Disparities on the provider's side could also exist where the lower SES population or specific populations receives different attention from the provider (Willems et al. 2005). Weissman et al. (1991) found a high risk for delaying care for conditions that eventually lead to hospitalization in low SES populations compared with high SES populations. Such disparities may depend not only on SES but also on ethnicity.

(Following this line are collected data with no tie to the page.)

Arguments planar_solution {R}.
Arguments planar_stable {R a b c e}.
Arguments planar_cvg0 {R a b c e} trace_lt0 det_gt0 {x d}.

Section ClosedLoop.
Variables (R : realType) (p : params R).

Definition energy_error (s : signals R) : R -> R := Wt s - cst (Wt_s p).

(* Identically 0 without the AC network; the planar coefficients acting on it
   are then a free choice. *)
Definition angle_diff (conn : connection) (s : signals R) : R -> R :=
  if ac_connected conn then theta s - theta_ac s else cst 0.

Definition dc_den : R := 1 + g_dc p * (k_dc p + kp_dc p).
Definition dc_energy_gain : R := g_dc p * kw_dc p / dc_den.
Definition ac_coupling_gain : R := b_ac p * (1 + g_dc p * k_dc p) / dc_den.

Definition planar_reduction (conn : connection) (a b c e p1 p2 q1 q2 : R)
    (s : signals R) :=
  planar_solution a b c e (energy_error s) (angle_diff conn s) /\
  forall t, 0 <= t ->
    omega s t = omega_s p + p1 * energy_error s t + p2 * angle_diff conn s t /\
    Vt s t = Vt_s p + q1 * energy_error s t + q2 * angle_diff conn s t.

Lemma energy_errorE (s : signals R) (t : R) : energy_error s t = Wt s t - Wt_s p.
Proof. by []. Qed.

Lemma state_normE conn (s : signals R) :
  state_norm conn p s = fun t => Num.max `|energy_error s t| `|angle_diff conn s t|.
Proof.
apply/funext => t; rewrite /state_norm /angle_diff.
by case: ac_connected => //=; rewrite normr0; apply/esym/max_idPl.
Qed.

Lemma closed_loop_errors ctrl conn (s : signals R) :
  closed_loop ctrl conn p s -> forall t : R, 0 <= t ->
  [/\ is_derive t 1 (energy_error s) (Pdc s t - Pac s t),
      is_derive t 1 (angle_diff conn s)
        (if ac_connected conn then omega s t - omega_s p - k_ac p * Pac s t else 0)
    & Pac s t = b_ac p * angle_diff conn s t].
Proof.
move=> sol t t0; have [[dW eW] [dth eth] _ Pac_eq _] := sol t t0.
have IW : is_derive t 1 (Wt s) (Pdc s t - Pac s t).
  by rewrite -eW derive1E; exact: derivableP.
split.
- by apply: is_derive_eq; rewrite subr0.
- rewrite /angle_diff; case: ac_connected Pac_eq => [[_ dthac ethac]|_]; last first.
    exact: is_derive_cst.
  have Ith : is_derive t 1 (theta s) (omega s t).
    by rewrite -eth derive1E; exact: derivableP.
  have Ithac : is_derive t 1 (theta_ac s) (omega_s p + k_ac p * Pac s t).
    by rewrite -ethac derive1E; exact: derivableP.
  by apply: is_derive_eq; rewrite opprD addrA.
- by rewrite /angle_diff; case: ac_connected Pac_eq => [[->]|->]; rewrite ?fctE ?mulr0.
Qed.
Arguments closed_loop_errors {ctrl conn s}.

Hypotheses (kp_ac_gt0 : 0 < kp_ac p) (kp_dc_gt0 : 0 < kp_dc p).
Hypotheses (kw_ac_gt0 : 0 < kw_ac p) (kw_dc_gt0 : 0 < kw_dc p).
Hypotheses (b_ac_gt0 : 0 < b_ac p) (g_dc_gt0 : 0 < g_dc p).
Hypotheses (k_ac_ge0 : 0 <= k_ac p) (k_dc_ge0 : 0 <= k_dc p).

Lemma dc_den_gt0 : 0 < dc_den.
Proof. by rewrite /dc_den ltr_wpDr // mulr_ge0 ?addr_ge0 // ltW. Qed.

Let dc_den_neq0 : dc_den != 0. Proof. exact: lt0r_neq0 dc_den_gt0. Qed.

The main limitations of the study are the self-reported data. However, we cannot see a reason for differential recall bias between Arabs and Jews which would affect the conclusions. The study is a cross-sectional survey therefore cannot demonstrate causality. Furthermore, other health care services, equally important for health, were not studied and may affect health of specific populations. These include dietician services, health education, preventive care, early detection, etc. Other data on confounders were also not available such as distribution of the doctors services in the two ethnic groups. In addition, as the response rate of the survey was not high (58.2 percent) the representatives of the sample is not clear. However, there is no reason to believe that responding to the interview is in any way associated with use of health services.

In conclusion, although the NHIL gives equal health services to all the population in Israel, differences in the use of these services persist among population groups. These disparities are beyond the lower SES status of the Arab community in Israel and may be due to different patterns of behavior in the two populations or other factors. More studies to understand the reasons for these disparities and their consequences are needed in order to develop strategies to increase equality in health.